Instead of following the masses about what is good or bad, i came up with a list to show you how you can relate your guitar with an equalisation.

---------------------------------------------------
20-55hz -- Rare to use, but who knows?
---------------------------------------------------
55-100hz -- The body of the bass. Can be your best friend or worst enemy.
---------------------------------------------------
100-150hz -- The lowest that a 6-string can reach.
---------------------------------------------------
150-250hz -- It can cause noise, but it also gives you a thick sound.
---------------------------------------------------
250-350hz -- Can work, but it's kinda muddy.
---------------------------------------------------
340-650hz -- Where the mids of the guitar fit in. Very important.
---------------------------------------------------
700-900hz -- It's the butter of the guitar. Nothing spectacular, just mids.
---------------------------------------------------
900-1.7khz -- The most rocking area. It can hurt, if necessary.
---------------------------------------------------
1.7k-2.2khz -- Here is where your right choice begins.
---------------------------------------------------
2.2k-3.1khz -- More attack, a little more presence.
---------------------------------------------------
3.2k-4.2khz -- Even more attack and presence, the treble that stands out.
---------------------------------------------------
4.3k-7khz -- Where distortion begins to fry and your clean timbre stands out.
---------------------------------------------------
7k-9khz -- The end of the timbre. Choose careful to avoid problems.
---------------------------------------------------
9k-15khz -- Where the air starts and sometimes the noise grows. Dangerous.
---------------------------------------------------
15k-25khz -- Never say never. Or maybe...?
---------------------------------------------------"

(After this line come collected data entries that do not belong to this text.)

(* Around an interior maximum c, the IVT on both sides of c yields the level pair. *)
Lemma level_pair_near_max g a b d :
  a < b -> 0 < d -> {within `[a, b], continuous g} -> g a = g b ->
  (exists2 c, c \in `[a, b] & g a < g c) ->
  exists p q, [/\ a <= p, p < q, q <= b, q - p <= d + d & g p = g q].
Proof.
move=> ab d0 gc gab [c0 c0ab gc0].
have [c cab cmax] := EVT_max (ltW ab) gc.
have gac : g a < g c by apply: (lt_le_trans gc0); apply: cmax.
have ac : a < c.
  move: cab; rewrite in_itv /= => /andP[+ _]; rewrite le_eqVlt => /predU1P[E|//].
  by move: gac; rewrite E ltxx.
have cb : c < b.
  move: cab; rewrite in_itv /= => /andP[_ +]; rewrite le_eqVlt => /predU1P[E|//].
  by move: gac; rewrite E gab ltxx.
set u := maxr a (c - d); set v := minr b (c + d).
have uc : u < c by rewrite gt_max ac /= ltrBlDr ltrDl.
have cv : c < v by rewrite lt_min cb /= ltrDl.
have au : a <= u by rewrite le_max lexx.
have vb : v <= b by rewrite ge_min lexx.
have ud : c - d <= u by rewrite le_max lexx orbT.
have vd : v <= c + d by rewrite ge_min lexx orbT.
have sub_ab t : u <= t <= v -> t \in `[a, b].
  by move=> /andP[ut tv]; rewrite in_itv /= (le_trans au ut) (le_trans tv vb).
have gu : g u <= g c by apply/cmax/sub_ab; rewrite lexx ltW // (lt_trans uc cv).
have gv : g v <= g c by apply/cmax/sub_ab; rewrite lexx ltW // (lt_trans uc cv).
have gc_uc : {within `[u, c], continuous g}.
  apply: (continuous_subspaceW _ gc) => t /=; rewrite in_itv /= => /andP[ut tc].
  by apply: sub_ab; rewrite ut /= (le_trans tc) // ltW.
have gc_cv : {within `[c, v], continuous g}.
  apply: (continuous_subspaceW _ gc) => t /=; rewrite in_itv /= => /andP[ct tv].
  by apply: sub_ab; rewrite tv andbT (le_trans _ ct) // ltW.
have [guv|gvu] := leP (g u) (g v).
- have [p] : exists2 p, p \in `[u, c] & g p = g v.
    by apply: IVT => //; [exact: ltW | rewrite ge_min guv le_max gv orbT].
  rewrite in_itv /= => /andP[up pc] gp.
  exists p, v; split => //; first exact: le_trans au up.
    exact: le_lt_trans pc cv.
  by have := le_trans ud up; lra.
- have [q] : exists2 q, q \in `[c, v] & g q = g u.
    by apply: IVT => //; [exact: ltW | rewrite ge_min (ltW gvu) orbT le_max gu].
  rewrite in_itv /= => /andP[cq qv] gq.
  exists u, q; split => //; first exact: lt_le_trans uc cq.
    exact: le_trans qv vb.
  by have := le_trans qv vd; lra.
Qed.

Lemma level_pair_close g a b d :
  a < b -> 0 < d -> {within `[a, b], continuous g} -> g a = g b ->
  exists p q, [/\ a <= p, p < q, q <= b, q - p <= d & g p = g q].
Proof.
move=> ab d0 gc gab; rewrite [d]splitr; have d2 : 0 < d / 2 by rewrite divr_gt0.
have [up|] := pselect (exists2 c, c \in `[a, b] & g a < g c).
  exact: level_pair_near_max.
have [down|] := pselect (exists2 c, c \in `[a, b] & - g a < - g c).
  have gcN : {within `[a, b], continuous (- g)} by move=> x; apply/continuousN/gc.
  have [p [q [ap pq qb qp /oppr_inj E]]] :=
    level_pair_near_max ab d2 gcN (congr1 -%R gab) down.
  by exists p, q.
move=> not_down not_up.
have g_cst t : t \in `[a, b] -> g t = g a.
  move=> tab; apply/eqP; rewrite eq_le !leNgt; apply/andP.
  by split; apply/negP => lt; [apply: not_up | apply: not_down]; exists t; rewrite ?ltrN2.
set q := minr b (a + d / 2).
have aq : a < q by rewrite lt_min ab ltrDl.
have qab : q \in `[a, b] by rewrite in_itv /= ge_min lexx ltW.
exists a, q; split => //; rewrite ?ge_min ?lexx ?g_cst //.
have : q <= a + d / 2 by rewrite ge_min lexx orbT.
lra.
Qed.

Lemma locally_injective_injective I g h :
  is_interval I -> {within I, continuous g} -> 0 < h ->
  (forall a b, I a -> I b -> a < b -> b - a <= h -> g a != g b) ->
  forall a b, I a -> I b -> g a = g b -> a = b.
Proof.
move=> iI gc h0 loc_inj.
suff no_level a b : I a -> I b -> a < b -> g a = g b -> False.
  move=> a b Ia Ib gab; case: (ltgtP a b) => // ab.
    by case: (no_level a b).
  by case: (no_level b a).
move=> Ia Ib ab gab.
have sub_I : [set` `[a, b]] `<=` I.
  by move=> t /=; rewrite in_itv /= => /andP[ta tb]; apply: (iI a b); rewrite ?ta ?tb.
have [p [q [ap pq qb qp gpq]]] :=
  level_pair_close ab h0 (continuous_subspaceW sub_I gc) gab.
have Ip : I p by apply: sub_I; rewrite /= in_itv /= ap ltW // (lt_le_trans pq).
have Iq : I q by apply: sub_I; rewrite /= in_itv /= qb ltW // (le_lt_trans ap).
by move: (loc_inj p q Ip Iq pq qp); rewrite gpq eqxx.
Qed.
End RealDynamics.

Section Recurrence.
Variable R : realType.
Implicit Types (I : set R) (f g : R -> R).

Definition recurrent_pt f x :=
  forall e N, 0 < e -> exists2 n, (N <= n)%N & `|iter n f x - x| < e.

Definition pair_recurrent I f h :=
  forall a b e N, I a -> I b -> 0 < e <= `|a - b| -> `|a - b| <= h ->
  exists2 n, (N <= n)%N & `|iter n f a - a| < e /\ `|iter n f b - b| < e.

Lemma iter_stable I g x n : (forall y, I y -> I (g y)) -> I x -> I (iter n g x).
Proof. by move=> gI Ix; elim: n => //= n IH; apply: gI. Qed.

Lemma nondecreasing_iter_dist I g x n :
  (forall y, I y -> I (g y)) -> (forall y z, I y -> I z -> y <= z -> g y <= g z) ->
  I x -> (0 < n)%N -> `|g x - x| <= `|iter n g x - x|.
Proof.
move=> gI gm Ix; case: n => // n _ /=.
have gxn : forall m, I (iter m g x) by move=> m; exact: iter_stable.
have [xg|gx] := lerP x (g x).
- have xn m : x <= iter m g x.
    by elim: m => //= m IH; apply: le_trans xg _; apply: gm.
  have gn : g x <= g (iter n g x) by apply: gm.
  by rewrite !ger0_norm ?subr_ge0 ?(le_trans xg) // lerB.
- have xn m : iter m g x <= x.
    by elim: m => //= m IH; apply: le_trans (ltW gx); apply: gm.
  have gn : g (iter n g x) <= g x by apply: gm.
  by rewrite !ler0_norm ?subr_le0 ?(ltW gx) ?(le_trans gn (ltW gx)) //; lra.
Qed.

Lemma nondecreasing_recurrent_fixed I g x :
  (forall y, I y -> I (g y)) -> (forall y z, I y -> I z -> y <= z -> g y <= g z) ->
  I x -> recurrent_pt g x -> g x = x.
Proof.
move=> gI gm Ix xrec; have [//|gx] := eqVneq (g x) x.
have gx0 : 0 < `|g x - x| by rewrite normr_gt0 subr_eq0.
have [n n1 close] := xrec _ 1%N gx0.
by move: (nondecreasing_iter_dist gI gm Ix n1); rewrite leNgt close.
Qed.

Lemma is_interval_scale I x c : is_interval I -> I 0 -> I x -> 0 <= c <= 1 -> I (x * c).
Proof.
move=> iI I0 Ix /andP[c0 c1]; have [x0|x0] := leP 0 x.
- by apply: (iI 0 x) => //; rewrite mulr_ge0 //= ler_piMr.
- apply: (iI x 0) => //; rewrite nmulr_rle0 // c0 andbT.
  by rewrite -[X in X <= _]mulr1 ler_wnM2l // ltW.
Qed.

Lemma pair_recurrent_recurrent_pt I f h x :
  is_interval I -> I 0 -> 0 < h -> pair_recurrent I f h -> I x -> x != 0 ->
  recurrent_pt f x.
Proof.
move=> iI I0 h0 fpr Ix x0 e N e0.
have nx0 : 0 < `|x| by rewrite normr_gt0.
set d := minr `|x| h.
have d0 : 0 < d by rewrite lt_min nx0.
set b := x * (1 - d / `|x|).
have Ib : I b.
  apply: is_interval_scale => //.
  by rewrite subr_ge0 ler_pdivrMr // mul1r ge_min lexx /= lerBlDr lerDl divr_ge0 // ltW.
have xb : `|x - b| = d.
  rewrite /b mulrBr mulr1 opprB addrCA subrr addr0 normrM.
  by rewrite [`|d / _|]ger0_norm ?divr_ge0 ?ltW // mulrCA mulfV ?mulr1 // gt_eqF.
have ed : 0 < minr e d <= `|x - b| by rewrite xb lt_min e0 d0 ge_min lexx orbT.
have [|n Nn [close _]] := fpr x b _ N Ix Ib ed; first by rewrite xb ge_min lexx orbT.
by exists n => //; apply: lt_le_trans close _; rewrite ge_min lexx.
Qed.

Lemma pair_recurrent_locally_injective I f h a b :
  pair_recurrent I f h -> I a -> I b -> a < b -> b - a <= h -> f a != f b.
Proof.
move=> fpr Ia Ib ab abh; apply/eqP => fab.
have dab : `|a - b| = b - a by rewrite distrC gtr0_norm // subr_gt0.
have e0 : 0 < (b - a) / 2 <= `|a - b| by rewrite dab; apply/andP; split; lra.
have dabh : `|a - b| <= h by rewrite dab.
have [[|n] // _] := fpr a b _ 1%N Ia Ib e0 dabh.
rewrite !iterSr fab => -[ca cb].
by have := ler_distD (iter n f (f b)) a b; rewrite dab (distrC a); lra.
Qed.

Lemma strictly_monotone_cases I f :
  is_interval I -> {within I, continuous f} ->
  (forall y z, I y -> I z -> f y = f z -> y = z) ->
  (forall y z, I y -> I z -> y < z -> f y < f z) \/
  (forall y z, I y -> I z -> y < z -> f z < f y).
Proof.
move=> /is_intervalP eI fc finj; rewrite eI in fc finj *.
have [incr|decr] := itv_continuous_inj_mono fc finj; [left|right] => y z Iy Iz yz.
- exact: incr.
- exact: decr.
Qed.

Lemma decreasing_sgr I f y :
  I 0 -> f 0 = 0 -> (forall y z, I y -> I z -> y < z -> f z < f y) -> I y ->
  Num.sg (f y) = - Num.sg y.
Proof.
move=> I0 f0 fd Iy; case: (ltrgt0P y) => [yp|yn|->]; last by rewrite f0 sgr0 oppr0.
- by rewrite (gtr0_sg yp) ltr0_sg // -f0 fd.
- by rewrite (ltr0_sg yn) opprK gtr0_sg // -f0 fd.
Qed.

Lemma decreasing_sgr_iter I f x n :
  I 0 -> f 0 = 0 -> (forall y, I y -> I (f y)) ->
  (forall y z, I y -> I z -> y < z -> f z < f y) -> I x ->
  Num.sg (iter n f x) = (-1) ^+ n * Num.sg x.
Proof.
move=> I0 f0 fI fd Ix; elim: n => [|n IH] /=; first by rewrite mul1r.
by rewrite (decreasing_sgr I0 f0 fd (iter_stable n fI Ix)) IH exprS mulN1r mulNr.
Qed.

Lemma norm_le_dist_opp_sgr (x y : R) : Num.sg y = - Num.sg x -> `|x| <= `|y - x|.
Proof.
case: (ltrgt0P x) => [xp|xn|->] sgy; last exact: normr_ge0.
- move: sgy; rewrite (gtr0_sg xp) => /eqP; rewrite sgr_cp0 => yn.
  by rewrite ltr0_norm; lra.
- move: sgy; rewrite (ltr0_sg xn) opprK => /eqP; rewrite sgr_cp0 => yp.
  by rewrite gtr0_norm; lra.
Qed.

(* Odd iterates of a decreasing map lie on the other side of 0, so a return
   of [x] closer than [|x|] happens at an even time. *)
Lemma decreasing_recurrent_pt_iter2 I f x :
  I 0 -> f 0 = 0 -> (forall y, I y -> I (f y)) ->
  (forall y z, I y -> I z -> y < z -> f z < f y) -> I x -> x != 0 ->
  recurrent_pt f x -> recurrent_pt (fun y => f (f y)) x.
Proof.
move=> I0 f0 fI fd Ix x0 xrec e N e0.
have ex0 : 0 < minr e `|x| by rewrite lt_min e0 normr_gt0.
have [n Nn] := xrec _ N.*2 ex0; rewrite lt_min => /andP[close near_x].
have n_even : ~~ odd n.
  apply/negP => n_odd; move: near_x; rewrite ltNge norm_le_dist_opp_sgr //.
  by rewrite (decreasing_sgr_iter _ I0 f0 fI fd Ix) -signr_odd n_odd expr1 mulN1r.
have n_half : n = (n./2).*2 by rewrite -[LHS]odd_double_half (negbTE n_even).
exists n./2; first by rewrite -leq_double -n_half.
suff -> : iter n./2 (fun y => f (f y)) x = iter n f x by [].
by rewrite [in RHS]n_half -muln2 iterM.
Qed.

So guys, this is the piece of the article i wanted to share with you. The main help it gave to me was to put some use in the eq of my pod, which i never got a good use from. 
Although i still don't know exactly how the eq works in a deep level, and how to make the total most of it, this article helped me start messing around with it with some little knowledge.
Personally i'd recomend messing with the 1.7k-2.2khz and the 2.2k-3.1khz. 
The first really helps to define your notes better when you're using a lot of distortion, and the second gives your pick more attack, which on the pod some amps lack it.


----------



## SomeChump (Apr 12, 2010)

This is a very good guide, especially to a beginner to recording. Would I be out of line to suggest a sticky? Very nice man.


----------



## DespoticOrder (Mar 6, 2011)

Woah hey! Can you link me to this whole guide?? I think its the one I've been looking for. I had it saved, but i had to reformat... I've been searching for hours to find it again, but I can't remember the name of it or the guy that made it! Thanks if you can help!


----------



## TimSE (Mar 6, 2011)

very much worthy of a sticky i think  its totally getting a bookmark for me even as a handy ref point


----------



## AlucardXIX (Mar 6, 2011)

Excellent! Should definitely help people who are new.


----------



## danieluber1337 (Mar 6, 2011)

Slipperman's Recording Distorted Guitars From Hell

There's the article. It's really informative.. and a hilarious read, this dude is passionate xD


----------



## KingAenarion (Mar 7, 2011)

It's already a sticky.... Slippermans guide is stickied above...


----------



## tr0n (Mar 7, 2011)

The OP wasn't actually quoting from Slipperman's guide. It looks like it is and I thought it was too but look and you'll see it's not.


----------



## Despised_0515 (Mar 7, 2011)

Now if only I could get one of these cheat sheets for metal drum mixing...


----------



## Gemmeadia (Mar 8, 2011)

Nice post! I just EQ to what sounds good and it works for me


----------